= Your goal =
Please copy every line from the records below that contains the string "vspace".

Records from a collection
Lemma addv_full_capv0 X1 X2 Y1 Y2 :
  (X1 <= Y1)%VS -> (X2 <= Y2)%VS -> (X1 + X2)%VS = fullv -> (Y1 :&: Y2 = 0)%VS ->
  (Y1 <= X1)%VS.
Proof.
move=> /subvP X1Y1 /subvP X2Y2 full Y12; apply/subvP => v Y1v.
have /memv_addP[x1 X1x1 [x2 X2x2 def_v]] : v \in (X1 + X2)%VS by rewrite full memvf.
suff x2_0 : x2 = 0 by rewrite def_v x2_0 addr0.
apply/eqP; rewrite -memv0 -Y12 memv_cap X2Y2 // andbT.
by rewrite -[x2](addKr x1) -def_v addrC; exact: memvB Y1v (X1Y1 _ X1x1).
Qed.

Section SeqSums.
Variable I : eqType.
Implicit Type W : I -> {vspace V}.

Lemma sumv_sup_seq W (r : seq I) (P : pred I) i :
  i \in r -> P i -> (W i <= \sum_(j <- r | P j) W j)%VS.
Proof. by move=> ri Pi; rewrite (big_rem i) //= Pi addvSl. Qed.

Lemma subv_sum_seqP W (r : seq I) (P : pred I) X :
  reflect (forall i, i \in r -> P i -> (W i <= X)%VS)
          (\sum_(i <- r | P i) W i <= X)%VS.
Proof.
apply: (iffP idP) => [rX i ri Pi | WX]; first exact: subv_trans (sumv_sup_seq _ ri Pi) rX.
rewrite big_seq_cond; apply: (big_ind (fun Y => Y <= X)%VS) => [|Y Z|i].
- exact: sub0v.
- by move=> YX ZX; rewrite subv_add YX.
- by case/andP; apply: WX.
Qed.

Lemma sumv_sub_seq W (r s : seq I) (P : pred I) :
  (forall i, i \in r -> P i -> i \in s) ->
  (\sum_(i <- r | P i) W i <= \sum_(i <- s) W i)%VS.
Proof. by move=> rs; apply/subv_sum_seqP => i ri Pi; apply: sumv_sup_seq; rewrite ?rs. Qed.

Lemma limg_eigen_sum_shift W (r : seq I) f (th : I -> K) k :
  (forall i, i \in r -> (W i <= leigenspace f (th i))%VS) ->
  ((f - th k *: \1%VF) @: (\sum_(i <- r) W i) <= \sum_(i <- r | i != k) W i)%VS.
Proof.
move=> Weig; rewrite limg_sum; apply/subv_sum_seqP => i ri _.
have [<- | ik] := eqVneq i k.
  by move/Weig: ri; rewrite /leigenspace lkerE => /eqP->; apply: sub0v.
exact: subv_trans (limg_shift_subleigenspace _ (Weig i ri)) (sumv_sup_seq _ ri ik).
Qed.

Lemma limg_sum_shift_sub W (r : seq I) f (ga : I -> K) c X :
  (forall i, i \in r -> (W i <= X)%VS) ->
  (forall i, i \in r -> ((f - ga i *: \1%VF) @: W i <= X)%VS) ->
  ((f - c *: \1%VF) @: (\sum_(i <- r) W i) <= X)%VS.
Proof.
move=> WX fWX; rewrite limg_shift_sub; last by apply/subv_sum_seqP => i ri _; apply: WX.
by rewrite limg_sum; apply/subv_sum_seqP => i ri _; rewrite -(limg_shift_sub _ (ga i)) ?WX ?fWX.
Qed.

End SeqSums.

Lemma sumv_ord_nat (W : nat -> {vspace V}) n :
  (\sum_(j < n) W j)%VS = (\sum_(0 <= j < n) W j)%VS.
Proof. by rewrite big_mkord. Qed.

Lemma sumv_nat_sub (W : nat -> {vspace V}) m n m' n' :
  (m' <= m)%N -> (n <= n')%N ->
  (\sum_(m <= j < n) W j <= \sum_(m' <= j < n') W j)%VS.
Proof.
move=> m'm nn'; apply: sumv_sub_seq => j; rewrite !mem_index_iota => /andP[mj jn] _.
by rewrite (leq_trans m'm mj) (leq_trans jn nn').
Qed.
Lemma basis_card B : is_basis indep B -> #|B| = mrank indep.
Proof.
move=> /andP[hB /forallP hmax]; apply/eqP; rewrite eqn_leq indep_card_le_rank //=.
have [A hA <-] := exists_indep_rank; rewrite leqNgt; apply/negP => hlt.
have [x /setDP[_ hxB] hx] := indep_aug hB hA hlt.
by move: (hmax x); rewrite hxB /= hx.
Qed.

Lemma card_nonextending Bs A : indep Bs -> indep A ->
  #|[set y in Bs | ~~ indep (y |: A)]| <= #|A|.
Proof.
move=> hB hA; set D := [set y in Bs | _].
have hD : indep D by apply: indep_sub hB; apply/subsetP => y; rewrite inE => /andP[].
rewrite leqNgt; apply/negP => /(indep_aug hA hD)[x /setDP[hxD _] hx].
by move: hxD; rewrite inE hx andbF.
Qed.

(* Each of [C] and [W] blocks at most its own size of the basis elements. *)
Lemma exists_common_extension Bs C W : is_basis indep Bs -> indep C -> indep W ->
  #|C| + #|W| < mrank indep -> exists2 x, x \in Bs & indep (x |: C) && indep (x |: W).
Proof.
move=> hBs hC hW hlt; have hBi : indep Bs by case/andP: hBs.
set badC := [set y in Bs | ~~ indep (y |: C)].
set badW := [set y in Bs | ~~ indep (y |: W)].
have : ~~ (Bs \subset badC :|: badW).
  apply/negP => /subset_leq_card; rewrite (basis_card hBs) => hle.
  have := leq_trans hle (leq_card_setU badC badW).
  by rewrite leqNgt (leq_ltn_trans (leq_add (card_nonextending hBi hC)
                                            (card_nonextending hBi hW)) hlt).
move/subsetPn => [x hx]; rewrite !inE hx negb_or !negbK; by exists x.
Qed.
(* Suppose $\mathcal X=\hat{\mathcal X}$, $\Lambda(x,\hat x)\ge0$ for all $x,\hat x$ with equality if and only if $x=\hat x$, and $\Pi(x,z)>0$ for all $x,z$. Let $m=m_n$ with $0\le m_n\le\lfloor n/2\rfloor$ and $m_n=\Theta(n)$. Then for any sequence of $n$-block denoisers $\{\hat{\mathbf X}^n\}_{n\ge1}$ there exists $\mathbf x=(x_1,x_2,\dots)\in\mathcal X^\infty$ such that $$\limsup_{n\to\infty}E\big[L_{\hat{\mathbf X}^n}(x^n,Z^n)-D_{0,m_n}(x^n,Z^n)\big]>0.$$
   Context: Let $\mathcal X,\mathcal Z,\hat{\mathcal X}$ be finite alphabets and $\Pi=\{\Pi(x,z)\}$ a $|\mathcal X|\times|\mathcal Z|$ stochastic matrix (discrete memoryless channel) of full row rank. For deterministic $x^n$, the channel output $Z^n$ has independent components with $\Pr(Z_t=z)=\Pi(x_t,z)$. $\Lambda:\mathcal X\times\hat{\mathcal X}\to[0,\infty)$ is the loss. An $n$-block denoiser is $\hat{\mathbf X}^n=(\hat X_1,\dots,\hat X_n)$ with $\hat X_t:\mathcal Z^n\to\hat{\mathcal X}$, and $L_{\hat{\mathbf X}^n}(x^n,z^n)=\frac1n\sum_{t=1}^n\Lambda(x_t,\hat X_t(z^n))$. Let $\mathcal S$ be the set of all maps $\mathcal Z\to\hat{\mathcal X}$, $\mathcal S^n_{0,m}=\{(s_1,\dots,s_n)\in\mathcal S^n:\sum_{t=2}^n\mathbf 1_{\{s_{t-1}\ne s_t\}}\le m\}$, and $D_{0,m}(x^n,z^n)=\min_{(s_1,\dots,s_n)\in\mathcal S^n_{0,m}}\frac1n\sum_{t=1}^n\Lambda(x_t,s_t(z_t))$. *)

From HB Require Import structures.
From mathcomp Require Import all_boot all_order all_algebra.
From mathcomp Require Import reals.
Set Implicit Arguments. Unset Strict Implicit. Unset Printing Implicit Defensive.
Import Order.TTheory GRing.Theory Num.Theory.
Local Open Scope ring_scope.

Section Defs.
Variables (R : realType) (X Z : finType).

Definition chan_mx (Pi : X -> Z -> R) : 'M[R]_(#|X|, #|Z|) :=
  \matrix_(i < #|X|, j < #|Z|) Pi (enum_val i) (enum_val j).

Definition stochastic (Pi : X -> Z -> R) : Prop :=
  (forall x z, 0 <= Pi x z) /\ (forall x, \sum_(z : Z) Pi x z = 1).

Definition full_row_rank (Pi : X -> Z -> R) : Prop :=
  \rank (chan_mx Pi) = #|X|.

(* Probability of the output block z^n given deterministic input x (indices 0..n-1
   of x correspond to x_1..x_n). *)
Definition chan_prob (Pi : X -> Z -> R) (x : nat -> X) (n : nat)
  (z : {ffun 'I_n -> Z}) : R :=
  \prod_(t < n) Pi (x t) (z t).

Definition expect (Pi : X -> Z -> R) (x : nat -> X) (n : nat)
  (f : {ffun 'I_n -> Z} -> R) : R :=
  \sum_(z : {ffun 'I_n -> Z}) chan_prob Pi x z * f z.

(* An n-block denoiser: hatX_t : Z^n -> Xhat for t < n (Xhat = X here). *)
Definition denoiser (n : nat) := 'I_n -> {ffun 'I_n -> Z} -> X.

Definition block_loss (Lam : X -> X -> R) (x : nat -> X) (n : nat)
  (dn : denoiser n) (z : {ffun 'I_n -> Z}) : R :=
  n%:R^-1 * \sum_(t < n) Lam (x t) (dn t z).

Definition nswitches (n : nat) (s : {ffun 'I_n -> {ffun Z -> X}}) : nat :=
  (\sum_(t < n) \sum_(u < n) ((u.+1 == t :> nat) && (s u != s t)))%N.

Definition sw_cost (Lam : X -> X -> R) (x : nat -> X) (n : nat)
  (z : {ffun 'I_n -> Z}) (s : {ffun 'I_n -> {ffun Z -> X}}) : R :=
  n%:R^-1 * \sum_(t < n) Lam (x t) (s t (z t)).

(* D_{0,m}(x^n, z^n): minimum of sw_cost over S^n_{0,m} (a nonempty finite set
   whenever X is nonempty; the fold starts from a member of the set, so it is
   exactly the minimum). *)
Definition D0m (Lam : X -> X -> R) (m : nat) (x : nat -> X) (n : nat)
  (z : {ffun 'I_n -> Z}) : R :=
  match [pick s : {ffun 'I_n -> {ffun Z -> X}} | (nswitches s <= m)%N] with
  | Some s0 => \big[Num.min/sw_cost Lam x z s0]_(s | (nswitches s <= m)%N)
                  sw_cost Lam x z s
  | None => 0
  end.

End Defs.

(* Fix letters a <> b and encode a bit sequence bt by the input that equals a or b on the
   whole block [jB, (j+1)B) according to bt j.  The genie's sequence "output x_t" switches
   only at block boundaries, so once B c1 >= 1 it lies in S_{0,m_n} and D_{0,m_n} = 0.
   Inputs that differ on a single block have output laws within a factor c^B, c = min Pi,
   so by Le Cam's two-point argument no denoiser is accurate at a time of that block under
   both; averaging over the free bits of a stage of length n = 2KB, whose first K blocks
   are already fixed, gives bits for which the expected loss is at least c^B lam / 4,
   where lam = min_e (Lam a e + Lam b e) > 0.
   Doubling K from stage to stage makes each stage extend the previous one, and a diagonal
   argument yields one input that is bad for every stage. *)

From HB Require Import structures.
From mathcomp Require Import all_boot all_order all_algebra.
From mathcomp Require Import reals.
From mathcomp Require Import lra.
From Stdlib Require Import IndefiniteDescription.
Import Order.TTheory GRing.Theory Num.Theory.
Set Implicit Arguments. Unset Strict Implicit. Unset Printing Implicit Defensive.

= Result below =
Implicit Type W : I -> {vspace V}.
Lemma sumv_ord_nat (W : nat -> {vspace V}) n :
Lemma sumv_nat_sub (W : nat -> {vspace V}) m n m' n' :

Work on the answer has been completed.